GOAL OF THE EXERCISE :: Repeat the lines of the data that follow, please, starting at the first and stopping after the one with "rewrite (psum_ext (fun k => PI * _)".
++++ RECORDS PROVIDED ++++
Lemma cot_block_series p1 : (2 <= p1)%nat ->
  Un_cv (fun I => psum (cot_block p1) I) (PI * cot_weighted_sum p1).
Proof.
  intros Hp1. pose proof (P_ge3 p1 Hp1) as HP. set (P := INR (S p1)) in *.
  assert (HPp : P = INR p1 + 1) by apply S_INR.
  assert (Hx : forall k, (k < p1)%nat -> 0 < (INR k + 1) / P < 1).
  { intros k Hk. assert (INR k + 1 <= INR p1) by (rewrite <- S_INR; apply le_INR; lia).
    pose proof (pos_INR k). split; [apply Rdiv_lt_0_compat; lra|].
    apply Rmult_lt_reg_r with P; [lra|].
    unfold Rdiv. rewrite Rmult_assoc, Rinv_l by lra. lra. }
  apply Un_cv_ext with
    (un := fun I => psum (fun k => (INR k + 1) / P * cot_pf ((INR k + 1) / P) I) p1).
  { intros I. unfold cot_block. rewrite psum_swap. apply psum_ext. intros k Hk.
    unfold cot_pf. rewrite <- psum_scal. apply psum_ext. intros m _.
    assert (INR k + 1 <= INR p1) by (rewrite <- S_INR; apply le_INR; lia).
    pose proof (pos_INR k). pose proof (pos_INR m). fold P.
    field. repeat split; nra. }
  unfold cot_weighted_sum. fold P. rewrite <- psum_scal.
  rewrite (psum_ext (fun k => PI * _)
             (fun k => (INR k + 1) / P * (PI * cot (PI * ((INR k + 1) / P))))) by (intros; ring).
  apply psum_cv. intros k Hk. apply cv_scal, cot_partial_fraction, Hx, Hk.
Qed.

Lemma theta_series_ge3 p1 : (2 <= p1)%nat ->
  infinite_sum (theta_row (S p1))
    (- (2 / INR (S p1) * (PI * cot_weighted_sum p1))
     / ((INR (S p1) - 1) * (INR (S p1) - 2))).
Proof.
  intros Hp1. pose proof (P_ge3 p1 Hp1) as HP. set (P := INR (S p1)) in *.
  unfold infinite_sum.
  apply Un_cv_ext with (un := fun N => psum (theta_row (S p1)) (N + 1)).
  { intros N. rewrite sum_f_R0_psum. f_equal. lia. }
  apply (CV_shift' (fun N => psum (theta_row (S p1)) N)).
  apply Un_cv_ext with (un := fun I => (remainder p1 I - 2 / P * psum (cot_block p1) I)
                                     * / ((P - 1) * (P - 2))).
  { intros I. rewrite <- (partial_sums_identity p1 Hp1 I). fold P. field. split; lra. }
  unfold Rdiv. rewrite <- Rminus_0_l.
  apply CV_mult; [apply CV_minus|apply cv_const].
  - exact (remainder_cv p1 Hp1).
  - apply cv_scal, cot_block_series, Hp1.
Qed.

Lemma proposition_ge3 p1 : (2 <= p1)%nat -> exists L : R,
    infinite_sum (fun i => theta_row (S p1) i) L /\
    c0 1 (S p1) = INR (S p1) * (INR (S p1) - 1) * (INR (S p1) - 2) / (2 * PI) * L.
Proof.
  intros Hp1. pose proof (P_ge3 p1 Hp1). pose proof PI_gt3.
  eexists. split; [apply theta_series_ge3, Hp1|].
  rewrite c0_as_cot_weighted_sum by lia. field. repeat split; lra.
Qed.

(* The case p = 2: the right-hand side vanishes, so only convergence is needed,
   which follows by comparison with a telescoping series. *)
Lemma theta_row2 i : theta_row 2 i =
  / (2 * (2 * INR i + 1) * (2 * INR i + 3)) + / (2 * (2 * INR i + 3)^2).
Proof.
  pose proof (pos_INR i).
  unfold theta_row, theta. simpl sum_f_R0. replace (INR 2) with 2 by (simpl; ring).
  change (INR 0) with 0. change (INR 1) with 1. field. repeat split; nra.
Qed.

Definition telescope2 (i : nat) : R := / 2 * (/ (2 * INR i + 1) - / (2 * INR i + 3)).

Lemma theta_row2_bounds i : 0 <= theta_row 2 i <= telescope2 i.
Proof.
  pose proof (pos_INR i). rewrite theta_row2. unfold telescope2.
  assert (H1 : 0 < / (2 * (2 * INR i + 1) * (2 * INR i + 3))) by (apply Rinv_0_lt_compat; nra).
  assert (H2 : 0 < / (2 * (2 * INR i + 3)^2)) by (apply Rinv_0_lt_compat; nra).
  assert (H3 : / (2 * (2 * INR i + 3)^2) <= / (2 * (2 * INR i + 1) * (2 * INR i + 3)))
    by (apply Rinv_le_contravar; nra).
  assert (H4 : / 2 * (/ (2 * INR i + 1) - / (2 * INR i + 3))
               = 2 * / (2 * (2 * INR i + 1) * (2 * INR i + 3))) by (field; nra).
  lra.
Qed.

Lemma telescope2_series : Un_cv (fun N => sum_f_R0 telescope2 N) (/ 2).
Proof.
  apply Un_cv_ext with (un := fun N => / 2 - / 2 * / (2 * INR N + 3)).
  { intros N. induction N; unfold telescope2 in *.
    - simpl. field.
    - change (sum_f_R0 ?f (S N)) with (sum_f_R0 f N + f (S N)).
      rewrite <- IHN, S_INR. pose proof (pos_INR N). field. nra. }
  assert (H := CV_minus _ _ _ _ (cv_const (/ 2))
                  (cv_scal (/ 2) _ _ (cv_inv_lin 2 3 Rlt_0_2 ltac:(lra)))).
  rewrite Rmult_0_r, Rminus_0_r in H. exact H.
Qed.

Lemma proposition_2 : exists S : R,
    infinite_sum (fun i => theta_row 2 i) S /\
    c0 1 2 = INR 2 * (INR 2 - 1) * (INR 2 - 2) / (2 * PI) * S.
Proof.
  destruct (Rseries_CV_comp (theta_row 2) telescope2 theta_row2_bounds
              (exist _ _ telescope2_series)) as [S HS].
  exists S. split; [exact HS|].
  unfold c0, sum_f. simpl. unfold cot.
  replace (PI * 1 * 1 / (1 + 1)) with (PI / 2) by field.
  rewrite cos_PI2, sin_PI2. field. pose proof PI_RGT_0; lra.
Qed.

Theorem proposition2p2 (p : nat) (hp : (2 <= p)%nat) :
  exists S : R,
    infinite_sum (fun i => theta_row p i) S /\
    c0 1 p = INR p * (INR p - 1) * (INR p - 2) / (2 * PI) * S.
Proof.
  destruct p as [|p1]; [lia|].
  destruct (Nat.eq_dec p1 1) as [->|Hne].
  - exact proposition_2.
  - apply proposition_ge3. lia.
Qed.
++++
TASK RESULT ::
Lemma cot_block_series p1 : (2 <= p1)%nat ->
  Un_cv (fun I => psum (cot_block p1) I) (PI * cot_weighted_sum p1).
Proof.
  intros Hp1. pose proof (P_ge3 p1 Hp1) as HP. set (P := INR (S p1)) in *.
  assert (HPp : P = INR p1 + 1) by apply S_INR.
  assert (Hx : forall k, (k < p1)%nat -> 0 < (INR k + 1) / P < 1).
  { intros k Hk. assert (INR k + 1 <= INR p1) by (rewrite <- S_INR; apply le_INR; lia).
    pose proof (pos_INR k). split; [apply Rdiv_lt_0_compat; lra|].
    apply Rmult_lt_reg_r with P; [lra|].
    unfold Rdiv. rewrite Rmult_assoc, Rinv_l by lra. lra. }
  apply Un_cv_ext with
    (un := fun I => psum (fun k => (INR k + 1) / P * cot_pf ((INR k + 1) / P) I) p1).
  { intros I. unfold cot_block. rewrite psum_swap. apply psum_ext. intros k Hk.
    unfold cot_pf. rewrite <- psum_scal. apply psum_ext. intros m _.
    assert (INR k + 1 <= INR p1) by (rewrite <- S_INR; apply le_INR; lia).
    pose proof (pos_INR k). pose proof (pos_INR m). fold P.
    field. repeat split; nra. }
  unfold cot_weighted_sum. fold P. rewrite <- psum_scal.
  rewrite (psum_ext (fun k => PI * _)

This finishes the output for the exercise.